> [Problem requirements] Restate word for word the lines of the records below, starting at the line that contains "Lemma alt_runs_window g" and ending at the line that contains "- have gb1'", with both of those lines included and nothing else.

+++ Source data

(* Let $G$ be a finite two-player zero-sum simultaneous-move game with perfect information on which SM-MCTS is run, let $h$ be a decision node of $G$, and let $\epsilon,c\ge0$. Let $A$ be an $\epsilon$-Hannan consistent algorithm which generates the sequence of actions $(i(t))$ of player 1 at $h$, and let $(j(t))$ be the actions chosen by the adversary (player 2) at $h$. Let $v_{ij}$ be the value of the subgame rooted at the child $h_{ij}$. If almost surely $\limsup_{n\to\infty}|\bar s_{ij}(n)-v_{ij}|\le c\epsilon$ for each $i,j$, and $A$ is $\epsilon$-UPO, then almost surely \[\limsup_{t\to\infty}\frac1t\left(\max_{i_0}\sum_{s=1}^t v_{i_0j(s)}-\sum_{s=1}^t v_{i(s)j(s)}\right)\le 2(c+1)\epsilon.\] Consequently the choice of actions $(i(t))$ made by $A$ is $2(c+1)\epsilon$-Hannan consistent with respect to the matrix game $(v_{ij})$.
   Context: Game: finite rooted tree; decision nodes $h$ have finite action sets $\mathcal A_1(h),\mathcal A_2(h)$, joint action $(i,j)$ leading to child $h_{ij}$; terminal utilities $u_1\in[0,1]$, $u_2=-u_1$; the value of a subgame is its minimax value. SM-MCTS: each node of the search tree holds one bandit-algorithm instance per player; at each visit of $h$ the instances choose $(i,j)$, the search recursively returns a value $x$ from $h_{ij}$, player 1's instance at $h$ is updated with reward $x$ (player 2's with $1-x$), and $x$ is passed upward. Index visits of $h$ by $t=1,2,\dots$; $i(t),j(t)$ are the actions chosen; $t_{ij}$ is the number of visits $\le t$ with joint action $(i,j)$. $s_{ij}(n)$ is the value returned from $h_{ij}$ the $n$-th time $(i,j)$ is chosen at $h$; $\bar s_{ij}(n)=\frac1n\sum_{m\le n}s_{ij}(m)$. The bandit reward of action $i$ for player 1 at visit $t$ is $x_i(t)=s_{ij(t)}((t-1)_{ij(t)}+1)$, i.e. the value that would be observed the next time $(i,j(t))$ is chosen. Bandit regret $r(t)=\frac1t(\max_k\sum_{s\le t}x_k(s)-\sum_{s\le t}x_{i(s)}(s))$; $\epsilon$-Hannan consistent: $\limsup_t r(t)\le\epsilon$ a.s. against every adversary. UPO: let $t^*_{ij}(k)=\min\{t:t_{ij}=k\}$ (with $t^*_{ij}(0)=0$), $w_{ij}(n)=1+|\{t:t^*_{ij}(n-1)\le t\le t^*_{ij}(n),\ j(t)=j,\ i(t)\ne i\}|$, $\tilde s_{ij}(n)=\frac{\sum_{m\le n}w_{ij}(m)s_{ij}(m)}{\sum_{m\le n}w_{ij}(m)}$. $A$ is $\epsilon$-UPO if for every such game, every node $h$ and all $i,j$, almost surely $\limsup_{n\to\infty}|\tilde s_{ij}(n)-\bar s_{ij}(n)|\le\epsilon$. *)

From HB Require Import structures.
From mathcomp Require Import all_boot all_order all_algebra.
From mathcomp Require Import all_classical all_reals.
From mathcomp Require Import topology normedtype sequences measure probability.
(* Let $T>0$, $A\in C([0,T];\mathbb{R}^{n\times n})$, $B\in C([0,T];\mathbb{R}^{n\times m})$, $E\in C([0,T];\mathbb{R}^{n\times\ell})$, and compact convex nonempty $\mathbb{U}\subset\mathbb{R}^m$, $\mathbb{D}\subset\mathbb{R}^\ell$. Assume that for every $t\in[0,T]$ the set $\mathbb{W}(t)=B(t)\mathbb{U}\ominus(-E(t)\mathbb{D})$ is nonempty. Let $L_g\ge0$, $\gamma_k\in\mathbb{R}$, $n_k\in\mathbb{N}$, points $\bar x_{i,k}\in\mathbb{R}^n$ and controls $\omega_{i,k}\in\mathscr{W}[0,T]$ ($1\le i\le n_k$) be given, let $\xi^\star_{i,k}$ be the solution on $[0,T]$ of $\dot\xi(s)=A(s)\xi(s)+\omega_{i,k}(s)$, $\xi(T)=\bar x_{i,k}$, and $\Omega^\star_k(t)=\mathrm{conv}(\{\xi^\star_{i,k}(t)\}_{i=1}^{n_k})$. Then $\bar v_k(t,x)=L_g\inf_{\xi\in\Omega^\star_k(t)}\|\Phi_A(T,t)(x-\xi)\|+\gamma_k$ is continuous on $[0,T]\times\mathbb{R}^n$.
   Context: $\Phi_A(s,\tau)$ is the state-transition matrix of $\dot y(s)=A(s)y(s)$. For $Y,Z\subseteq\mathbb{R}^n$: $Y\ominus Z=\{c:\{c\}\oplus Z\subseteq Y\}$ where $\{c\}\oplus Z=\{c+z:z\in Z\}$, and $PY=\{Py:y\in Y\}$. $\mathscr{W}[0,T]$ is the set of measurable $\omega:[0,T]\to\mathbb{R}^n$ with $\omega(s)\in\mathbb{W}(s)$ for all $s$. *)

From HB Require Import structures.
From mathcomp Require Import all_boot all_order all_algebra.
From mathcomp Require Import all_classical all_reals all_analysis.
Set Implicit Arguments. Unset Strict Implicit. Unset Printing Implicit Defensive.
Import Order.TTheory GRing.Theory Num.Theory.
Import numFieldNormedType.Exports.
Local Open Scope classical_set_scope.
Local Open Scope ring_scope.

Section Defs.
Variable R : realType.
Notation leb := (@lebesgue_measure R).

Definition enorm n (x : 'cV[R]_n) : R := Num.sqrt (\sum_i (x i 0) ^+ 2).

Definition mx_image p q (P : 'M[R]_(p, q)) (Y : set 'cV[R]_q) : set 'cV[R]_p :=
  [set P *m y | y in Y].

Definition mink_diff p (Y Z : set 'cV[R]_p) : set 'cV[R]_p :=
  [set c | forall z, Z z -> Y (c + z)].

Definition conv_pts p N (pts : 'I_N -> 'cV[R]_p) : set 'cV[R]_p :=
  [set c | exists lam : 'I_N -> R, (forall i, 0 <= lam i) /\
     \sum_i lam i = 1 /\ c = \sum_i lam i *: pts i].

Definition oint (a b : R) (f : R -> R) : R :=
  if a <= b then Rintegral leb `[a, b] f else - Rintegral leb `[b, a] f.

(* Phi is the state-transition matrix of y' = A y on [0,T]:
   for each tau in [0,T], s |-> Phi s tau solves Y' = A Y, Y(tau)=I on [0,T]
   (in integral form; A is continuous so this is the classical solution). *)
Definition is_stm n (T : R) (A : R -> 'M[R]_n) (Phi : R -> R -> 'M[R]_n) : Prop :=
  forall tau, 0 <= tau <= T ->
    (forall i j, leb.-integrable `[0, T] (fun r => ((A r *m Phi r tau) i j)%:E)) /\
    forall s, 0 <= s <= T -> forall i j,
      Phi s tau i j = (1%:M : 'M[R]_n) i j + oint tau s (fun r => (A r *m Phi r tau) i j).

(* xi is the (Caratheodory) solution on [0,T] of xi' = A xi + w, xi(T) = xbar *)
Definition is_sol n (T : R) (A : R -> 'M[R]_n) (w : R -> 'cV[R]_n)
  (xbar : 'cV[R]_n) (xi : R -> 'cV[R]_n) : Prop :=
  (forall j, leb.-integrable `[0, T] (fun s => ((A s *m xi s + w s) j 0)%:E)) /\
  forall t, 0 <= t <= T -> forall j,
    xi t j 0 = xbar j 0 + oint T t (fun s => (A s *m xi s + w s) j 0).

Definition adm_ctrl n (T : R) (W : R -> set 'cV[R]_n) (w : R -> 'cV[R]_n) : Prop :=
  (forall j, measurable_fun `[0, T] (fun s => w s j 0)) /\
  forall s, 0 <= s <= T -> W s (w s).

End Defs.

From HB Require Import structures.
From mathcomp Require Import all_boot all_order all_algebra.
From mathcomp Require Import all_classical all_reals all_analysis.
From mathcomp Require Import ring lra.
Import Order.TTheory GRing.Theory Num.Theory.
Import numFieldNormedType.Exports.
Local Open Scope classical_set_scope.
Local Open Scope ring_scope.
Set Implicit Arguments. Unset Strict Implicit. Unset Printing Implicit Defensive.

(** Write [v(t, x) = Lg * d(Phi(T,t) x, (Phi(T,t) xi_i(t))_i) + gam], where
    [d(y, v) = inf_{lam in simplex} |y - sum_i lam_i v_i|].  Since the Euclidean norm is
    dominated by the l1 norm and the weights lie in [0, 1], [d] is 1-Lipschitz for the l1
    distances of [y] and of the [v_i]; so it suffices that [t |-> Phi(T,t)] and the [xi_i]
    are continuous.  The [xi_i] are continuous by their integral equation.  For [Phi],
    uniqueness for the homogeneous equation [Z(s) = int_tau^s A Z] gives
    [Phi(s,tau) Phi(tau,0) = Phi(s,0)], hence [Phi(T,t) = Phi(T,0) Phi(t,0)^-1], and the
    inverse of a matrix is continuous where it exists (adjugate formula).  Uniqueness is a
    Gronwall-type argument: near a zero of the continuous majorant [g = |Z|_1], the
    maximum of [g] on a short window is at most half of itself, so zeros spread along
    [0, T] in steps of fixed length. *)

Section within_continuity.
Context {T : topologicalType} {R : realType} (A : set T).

++++++
+++ Source data

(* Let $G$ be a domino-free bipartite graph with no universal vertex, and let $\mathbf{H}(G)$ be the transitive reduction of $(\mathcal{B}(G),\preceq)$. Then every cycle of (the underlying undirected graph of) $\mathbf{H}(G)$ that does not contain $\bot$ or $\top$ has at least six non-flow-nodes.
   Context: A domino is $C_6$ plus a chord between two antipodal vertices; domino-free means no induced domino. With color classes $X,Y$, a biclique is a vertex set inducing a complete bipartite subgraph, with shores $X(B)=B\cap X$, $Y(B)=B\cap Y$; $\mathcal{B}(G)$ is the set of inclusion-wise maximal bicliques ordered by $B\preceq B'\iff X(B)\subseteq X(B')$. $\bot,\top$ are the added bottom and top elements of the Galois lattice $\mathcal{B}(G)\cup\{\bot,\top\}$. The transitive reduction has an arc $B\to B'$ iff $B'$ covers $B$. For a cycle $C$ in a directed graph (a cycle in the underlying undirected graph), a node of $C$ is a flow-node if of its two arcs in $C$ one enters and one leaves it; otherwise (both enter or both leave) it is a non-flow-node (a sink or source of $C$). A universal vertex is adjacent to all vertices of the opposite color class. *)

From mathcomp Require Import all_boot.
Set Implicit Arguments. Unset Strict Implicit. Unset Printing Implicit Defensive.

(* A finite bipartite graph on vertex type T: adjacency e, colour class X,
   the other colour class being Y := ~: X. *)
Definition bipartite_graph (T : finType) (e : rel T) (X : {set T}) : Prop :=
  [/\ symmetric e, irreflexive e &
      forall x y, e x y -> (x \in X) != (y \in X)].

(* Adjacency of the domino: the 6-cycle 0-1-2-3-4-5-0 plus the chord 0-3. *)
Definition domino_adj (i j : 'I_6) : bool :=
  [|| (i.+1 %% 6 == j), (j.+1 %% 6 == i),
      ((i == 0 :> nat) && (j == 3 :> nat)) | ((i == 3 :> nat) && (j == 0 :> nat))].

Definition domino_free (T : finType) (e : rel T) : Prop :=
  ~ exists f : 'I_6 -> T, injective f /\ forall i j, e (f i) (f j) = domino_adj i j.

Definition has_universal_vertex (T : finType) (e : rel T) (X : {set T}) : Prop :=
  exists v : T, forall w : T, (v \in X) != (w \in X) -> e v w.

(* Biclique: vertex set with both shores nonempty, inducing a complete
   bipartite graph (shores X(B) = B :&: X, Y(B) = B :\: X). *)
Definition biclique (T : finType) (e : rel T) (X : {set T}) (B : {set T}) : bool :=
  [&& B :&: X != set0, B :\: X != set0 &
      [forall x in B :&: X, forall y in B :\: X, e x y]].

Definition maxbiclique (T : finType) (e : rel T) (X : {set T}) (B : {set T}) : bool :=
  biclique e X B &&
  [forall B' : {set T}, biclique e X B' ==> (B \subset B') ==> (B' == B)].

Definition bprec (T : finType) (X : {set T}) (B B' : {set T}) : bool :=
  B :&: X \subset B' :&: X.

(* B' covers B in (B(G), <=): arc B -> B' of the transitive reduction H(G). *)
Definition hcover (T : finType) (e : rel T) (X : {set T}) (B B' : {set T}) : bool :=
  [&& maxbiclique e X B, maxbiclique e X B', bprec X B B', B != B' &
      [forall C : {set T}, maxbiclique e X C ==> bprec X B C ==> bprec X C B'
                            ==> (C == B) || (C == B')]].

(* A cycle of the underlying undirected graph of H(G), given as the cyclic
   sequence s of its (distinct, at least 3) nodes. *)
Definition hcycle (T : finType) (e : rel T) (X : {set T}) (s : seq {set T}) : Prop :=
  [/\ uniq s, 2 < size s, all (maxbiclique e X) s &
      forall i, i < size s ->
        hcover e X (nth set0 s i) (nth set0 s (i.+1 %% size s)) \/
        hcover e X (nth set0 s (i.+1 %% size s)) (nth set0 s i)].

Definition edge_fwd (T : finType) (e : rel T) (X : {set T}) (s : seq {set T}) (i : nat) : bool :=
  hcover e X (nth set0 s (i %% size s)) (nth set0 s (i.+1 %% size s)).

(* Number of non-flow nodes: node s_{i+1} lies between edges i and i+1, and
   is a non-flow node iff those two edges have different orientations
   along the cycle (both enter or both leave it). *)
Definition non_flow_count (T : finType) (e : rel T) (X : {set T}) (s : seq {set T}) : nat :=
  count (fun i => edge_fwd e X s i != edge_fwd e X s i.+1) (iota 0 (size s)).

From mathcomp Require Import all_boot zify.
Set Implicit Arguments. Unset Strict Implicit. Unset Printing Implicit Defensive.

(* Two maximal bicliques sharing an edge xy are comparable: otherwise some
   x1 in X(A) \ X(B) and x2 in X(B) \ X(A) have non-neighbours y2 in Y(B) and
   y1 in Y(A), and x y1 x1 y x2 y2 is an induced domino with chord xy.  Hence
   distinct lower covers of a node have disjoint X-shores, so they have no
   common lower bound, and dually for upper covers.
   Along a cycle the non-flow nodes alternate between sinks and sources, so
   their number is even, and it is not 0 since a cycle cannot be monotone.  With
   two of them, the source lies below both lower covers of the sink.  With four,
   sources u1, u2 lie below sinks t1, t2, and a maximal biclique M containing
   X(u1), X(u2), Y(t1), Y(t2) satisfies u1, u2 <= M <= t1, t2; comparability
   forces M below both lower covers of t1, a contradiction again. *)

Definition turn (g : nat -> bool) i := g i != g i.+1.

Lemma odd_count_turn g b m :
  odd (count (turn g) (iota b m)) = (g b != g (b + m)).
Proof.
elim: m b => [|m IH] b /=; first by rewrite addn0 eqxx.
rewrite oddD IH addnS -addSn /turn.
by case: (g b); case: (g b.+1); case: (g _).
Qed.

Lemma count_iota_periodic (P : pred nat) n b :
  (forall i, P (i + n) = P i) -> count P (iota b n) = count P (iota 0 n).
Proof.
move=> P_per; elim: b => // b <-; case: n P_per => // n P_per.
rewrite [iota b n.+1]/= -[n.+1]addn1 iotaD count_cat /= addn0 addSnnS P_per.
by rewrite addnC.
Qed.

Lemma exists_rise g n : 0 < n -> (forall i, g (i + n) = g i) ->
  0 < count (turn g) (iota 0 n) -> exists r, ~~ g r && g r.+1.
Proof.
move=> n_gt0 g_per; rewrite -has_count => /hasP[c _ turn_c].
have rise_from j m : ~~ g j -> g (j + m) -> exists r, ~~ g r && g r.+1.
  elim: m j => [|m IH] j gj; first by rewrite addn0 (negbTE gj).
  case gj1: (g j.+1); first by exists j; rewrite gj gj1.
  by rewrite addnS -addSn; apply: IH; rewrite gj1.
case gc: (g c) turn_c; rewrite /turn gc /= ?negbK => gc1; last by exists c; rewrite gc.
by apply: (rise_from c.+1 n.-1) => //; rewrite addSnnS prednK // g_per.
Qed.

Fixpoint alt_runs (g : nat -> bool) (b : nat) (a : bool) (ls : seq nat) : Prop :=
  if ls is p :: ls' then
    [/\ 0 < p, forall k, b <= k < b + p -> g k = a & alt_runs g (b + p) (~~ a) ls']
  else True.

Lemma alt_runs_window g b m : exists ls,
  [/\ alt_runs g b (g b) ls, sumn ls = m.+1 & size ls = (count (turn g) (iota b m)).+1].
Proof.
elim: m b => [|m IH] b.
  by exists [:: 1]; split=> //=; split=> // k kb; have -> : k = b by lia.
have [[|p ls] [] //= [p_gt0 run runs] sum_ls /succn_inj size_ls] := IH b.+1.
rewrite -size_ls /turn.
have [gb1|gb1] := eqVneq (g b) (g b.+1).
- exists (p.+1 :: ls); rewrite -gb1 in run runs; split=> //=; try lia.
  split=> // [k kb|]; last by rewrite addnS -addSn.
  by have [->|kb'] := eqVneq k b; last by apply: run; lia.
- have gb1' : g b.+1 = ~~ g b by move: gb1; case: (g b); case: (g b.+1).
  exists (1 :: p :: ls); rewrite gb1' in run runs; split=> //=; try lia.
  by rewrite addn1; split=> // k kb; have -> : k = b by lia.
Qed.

++++++

> [Written response]
Lemma alt_runs_window g b m : exists ls,
  [/\ alt_runs g b (g b) ls, sumn ls = m.+1 & size ls = (count (turn g) (iota b m)).+1].
Proof.
elim: m b => [|m IH] b.
  by exists [:: 1]; split=> //=; split=> // k kb; have -> : k = b by lia.
have [[|p ls] [] //= [p_gt0 run runs] sum_ls /succn_inj size_ls] := IH b.+1.
rewrite -size_ls /turn.
have [gb1|gb1] := eqVneq (g b) (g b.+1).
- exists (p.+1 :: ls); rewrite -gb1 in run runs; split=> //=; try lia.
  split=> // [k kb|]; last by rewrite addnS -addSn.
  by have [->|kb'] := eqVneq k b; last by apply: run; lia.
- have gb1' : g b.+1 = ~~ g b by move: gb1; case: (g b); case: (g b.+1).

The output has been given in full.